L'INFO. Pour avoir suivi la ligne dure de son Premier ministre, le président turc a perdu mardi 80.000 followers sur Twitter. Les internautes lui ont reproché d’avoir promulgué une loi de blocage d’Internet, voulue par Recep Tayyip Erdogan. Le chef du gouvernement a en effet mis en place une série de dispositions qui facilitent l’interdiction de sites internet en Turquie. L’autorité gouvernementale des télécommunications pourra désormais bloquer un site web sans passer par une décision de justice, s’il porte atteinte à "la vie privée" ou contient des informations jugées "discriminatoires ou insultantes". Une nouvelle déclaration de guerre à la liberté sur internet.

Pas à une contradiction près, le conservateur Erdogan avait pourtant fort apprécié le concours du web pour faire tomber son rival Deniz Baykal, en 2010. Une vidéo qui faisait fi de toute considération de vie privée et montrait le leader du parti d’opposition avec une députée après une relation extra-conjugale. Mais depuis longtemps, Erdogan sait aussi que le web peut desservir ses intérêts. En 2007, il avait interdit YouTube dans son pays,  après une vidéo critique sur le père de la nation turque, Mustafa Kemal.

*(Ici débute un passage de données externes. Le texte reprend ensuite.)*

Lemma left_ideal_has_minimal {L0} : left_ideal op (Fbar F) L0 ->
  exists2 L, minimal_left_ideal op (Fbar F) L & L `<=` L0.
Proof.
move=> L0ideal; have [[q0 L0q0] [L0F _]] := L0ideal.
pose P q := Fbar F q /\ Fbar_mul q `<=` L0.
pose R (a b : {q | P q}) := `[< Fbar_mul (sval b) `<=` Fbar_mul (sval a) >].
have P0 : P q0 := conj (L0F _ L0q0) (Fbar_mul_sub L0ideal L0q0).
have [[q [Fq qL0]] qmax] : exists t, premaximal R t.
  apply: (ZL_preorder (exist _ q0 P0)) => [a|a b c /asboolP ab /asboolP bc|B Btot].
  - exact/asboolP.
  - exact/asboolP/(subset_trans bc ab).
  have [[b0 Bb0]|B0] := pselect (B !=set0); last first.
    by exists (exist _ q0 P0) => b Bb; case: B0; exists b.
  have [|_ [b _ <-]|_ _ [b1 Bb1 <-] [b2 Bb2 <-]|p Fp pB] :=
    Fbar_mul_chain_lbound (sval @` B).
  - by exists (sval b0), b0.
  - by case: (svalP b).
  - by case: (Btot _ _ Bb1 Bb2) => /asboolP; [right|left].
  have Pp : P p.
    by split=> //; exact: subset_trans (pB _ (imageP _ Bb0)) (svalP b0).2.
  by exists (exist _ p Pp) => b Bb; apply/asboolP/pB/imageP.
exists (Fbar_mul q) => //; apply: minimal_left_ideal_Fbar_mul => // u Fu uq.
have Pu : P u := conj Fu (subset_trans uq qL0).
by have /asboolP := qmax (exist _ u Pu) (asboolT uq).
Qed.

End MinimalLeftIdeals.

#[global] Instance diag_nbhd_filter (X : topologicalType) :
  Filter (@diag_nbhd X).
Proof.
split=> [|U1 U2 [V1 [oV1 [dV1 V1U1]]] [V2 [oV2 [dV2 V2U2]]]|U1 U2 U12].
- by exists setT; split; [exact: openT|split].
- exists (V1 `&` V2); split; first exact: openI.
  by split=> [z|w [/V1U1 ? /V2U2 ?]]; split.
- move=> [V [oV [dV VU1]]]; exists V.
  by split=> //; split=> //; exact: subset_trans U12.
Qed.

Lemma open_setCM {U V : topologicalType} (A : set U) (B : set V) :
  closed A -> closed B -> open (~` (A `*` B)).
Proof.
move=> cA cB; rewrite openE => -[u v] /= /not_andP nAB.
rewrite /interior /nbhs /=.
case: nAB => [nAu|nBv].
- exists (~` A, setT) => [|[u' v'] [/= nAu' _] []//]; split; last exact: filterT.
  by apply: open_nbhs_nbhs; split=> //; exact: closed_openC.
- exists (setT, ~` B) => [|[u' v'] [_ /= nBv'] []//]; split; first exact: filterT.
  by apply: open_nbhs_nbhs; split=> //; exact: closed_openC.
Qed.

Lemma diag_nbhd_separates {X : topologicalType} :
  compact [set: X] -> hausdorff_space X -> forall a b : X, a != b ->
  exists Ba Bb V, [/\ nbhs a Ba, nbhs b Bb, diag_nbhd V &
    forall u v, Ba u -> Bb v -> ~ V (u, v)].
Proof.
move=> X_compact X_hausdorff a b ab.
have closure_nbhs_sub (c : X) (O : set X) :
    open O -> O c -> exists2 B, nbhs c B & closure B `<=` O.
  move=> oO Oc; have cT : nbhs c [set: X] by exact: filterT.
  exact: compact_regular X_hausdorff X_compact cT _ (open_nbhs_nbhs (conj oO Oc)).
have := X_hausdorff; rewrite open_hausdorff => /(_ a b ab).
move=> [[Oa Ob] /= [/set_mem aOa /set_mem bOb] [oOa oOb /eqP Oab0]].
have [Ba aBa BaOa] := closure_nbhs_sub _ _ oOa aOa.
have [Bb bBb BbOb] := closure_nbhs_sub _ _ oOb bOb.
exists Ba, Bb, (~` (closure Ba `*` closure Bb)); split=> //; last first.
  by move=> u v Bau Bbv; apply; split; exact: subset_closure.
exists (~` (closure Ba `*` closure Bb)); split.
  by apply: open_setCM; exact: closed_closure.
split=> // z [/BaOa Oaz /BbOb Obz].
by have : (Oa `&` Ob) z by []; rewrite Oab0.
Qed.

Section BetaSAction.
Context {S : Type} {op : S -> S -> S} {X : topologicalType}.
Context (X_compact : compact [set: X]) (X_hausdorff : hausdorff_space X).
Context {T : S -> X -> X} (T_cont : forall s, continuous (T s))
  (T_act : forall s t, T s \o T t = T (op s t)).

Lemma Tp_cvg p z : UltraFilter p -> (fun s => T s z) @ p --> Tp T p z.
Proof.
move=> up; have := X_compact; rewrite compact_ultra.
move=> /(_ _ (fmap_ultra (fun s => T s z) up) filterT) [c [_ pc]].
by rewrite /Tp; exact: (xgetI z pc).
Qed.

Lemma Tp_unique p z v :
  ProperFilter p -> (fun s => T s z) @ p --> v -> Tp T p z = v.
Proof.
move=> pp pv; apply: (cvg_unique X_hausdorff (F := (fun s => T s z) @ p)) => //.
by rewrite /Tp; exact: (xgetI z pv).
Qed.

Lemma Tp_bmul r q z : UltraFilter r -> UltraFilter q ->
  ProperFilter (bmul op r q) -> Tp T (bmul op r q) z = Tp T r (Tp T q z).
Proof.
move=> ur uq rq; apply: Tp_unique => W /=; rewrite nbhsE => -[O [oO Ow] OW].
have : r [set s | O (T s (Tp T q z))] by apply: Tp_cvg; exact: open_nbhs_nbhs.
apply: filterS => s Os.
have sO : nbhs (T s (Tp T q z)) O by exact: open_nbhs_nbhs.
have qO : q [set t | O (T s (T t z))] := Tp_cvg q z uq _ (T_cont s _ _ sO).
by apply: filterS qO => t Ot; apply: OW; rewrite -T_act.
Qed.

Lemma Tp_diag p x y : UltraFilter p ->
  (forall U, diag_nbhd U -> p [set s | U (T s x, T s y)]) ->
  Tp T p x = Tp T p y.
Proof.
move=> up pdiag; apply: contrapT => /eqP xy.
have [Ba [Bb [V [aBa bBb dV BaBbV]]]] :=
  diag_nbhd_separates X_compact X_hausdorff _ _ xy.
have : p ([set s | V (T s x, T s y)] `&`
          ([set s | Ba (T s x)] `&` [set s | Bb (T s y)])).
  apply: filterI; first exact: pdiag.
  by apply: filterI; [exact: Tp_cvg x up _ aBa|exact: Tp_cvg y up _ bBb].
by move=> /filter_ex [s [Vs [Bas Bbs]]]; exact: BaBbV Bas Bbs Vs.
Qed.

Lemma proximal_Tp_eq {F x y} : Filter F -> F_proximal T F x y ->
  exists2 p, Fbar F p & Tp T p x = Tp T p y.
Proof.
move=> FF prox.
pose G := filter_from (@diag_nbhd X) (fun U => [set s | U (T s x, T s y)]).
have GF : Filter G.
  apply: filter_from_filter => [|U1 U2 dU1 dU2].
    by exists setT; exact: filterT.
  by exists (U1 `&` U2) => //; exact: filterI.
have FmG : F `#` G.
  move=> A B FA [U dU UB]; have [s As Us] := prox U dU A FA.
  by exists s; split => //; exact: UB.
have [p [up Fp Gp]] := ultra_meets _ _ FF GF FmG.
by exists p => //; apply: Tp_diag => // U dU; apply: Gp; exists U.
Qed.

End BetaSAction.

Theorem lemma13 (S : Type) (op : S -> S -> S) (op_assoc : associative op)
  (F : set_system S) (F_filter : ProperFilter F)
  (F_semi : subsemigroup op (Fbar F))
  (X : topologicalType) (X_compact : compact [set: X])
  (X_hausdorff : hausdorff_space X)
  (T : S -> X -> X) (T_cont : forall s, continuous (T s))
  (T_act : forall s t, T s \o T t = T (op s t))
  (x y : X) :
  F_proximal T F x y ->
  exists L, minimal_left_ideal op (Fbar F) L /\
    (forall u, L u -> Tp T u x = Tp T u y).
Proof.
move=> prox.
have [p Fp Tpxy] := proximal_Tp_eq X_compact X_hausdorff _ prox.
have pideal := left_ideal_Fbar_mul op_assoc F_semi Fp.
have [L Lmin Lp] := left_ideal_has_minimal op_assoc _ F_semi pideal.
exists L; split=> // _ /Lp [r Fr <-].
have [[ur _] [up _]] := (Fr, Fp).
have [urp _] := F_semi _ _ Fr Fp.
by rewrite !(Tp_bmul X_compact X_hausdorff T_cont T_act) // Tpxy.
Qed.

Sept ans plus tard, "ce n’est pas la patrie qui est en péril, mais le parti d’Erdogan", décrypte pour Europe 1 Tancrède Josseran, auteur de La nouvelle puissance turque. Depuis plusieurs semaines, un scandale de corruption touche de près le gouvernement turc. Récemment, un enregistrement de la fille d’Erdogan a circulé sur Youtube. Elle négocierait le prix d’achat de villas en échange de faveur de l’administration. Le but de cette nouvelle loi sur internet est clairement d’empêcher ses opposants de publier ce genre d’informations.

Peu importe si les mesures sont jugées liberticides par des internautes et des membres de la communauté internationale. "Depuis les violentes manifestations de juin 2013, l’AKP (le parti au pouvoir, ndlr.) n’est plus à ça près pour se maintenir en vie", souligne Tancrède Josseran.

Pour faire passer la pilule, amère, Erdogan sait flatter son électorat populaire. Il en a une nouvelle fois fait la preuve, mardi, dans une école d’Ankara. Lors d’une distribution de tablettes tactiles, le Premier ministre conservateur a mis en garde les petits Turcs contre les dangers du web. Recep Tayyip Erdogan les a exhortés à ne pas devenir "prisonniers de l’internet". "Sortez jouer dans les parcs et les jardins, n’oubliez pas qu’un ordinateur ne pourra jamais prendre la place d’un livre", a déclaré le Premier ministre.  "Il utilise un langage de bon sens, compréhensible par la majorité des électeurs et loin de celui des élites occidentalisées", souligne Tancrède Josseran. Si au passage, les écoliers (et leurs parents) peuvent éviter de tomber sur les nombreux articles concernant le scandale de corruption, Erdogan aura gagné son pari.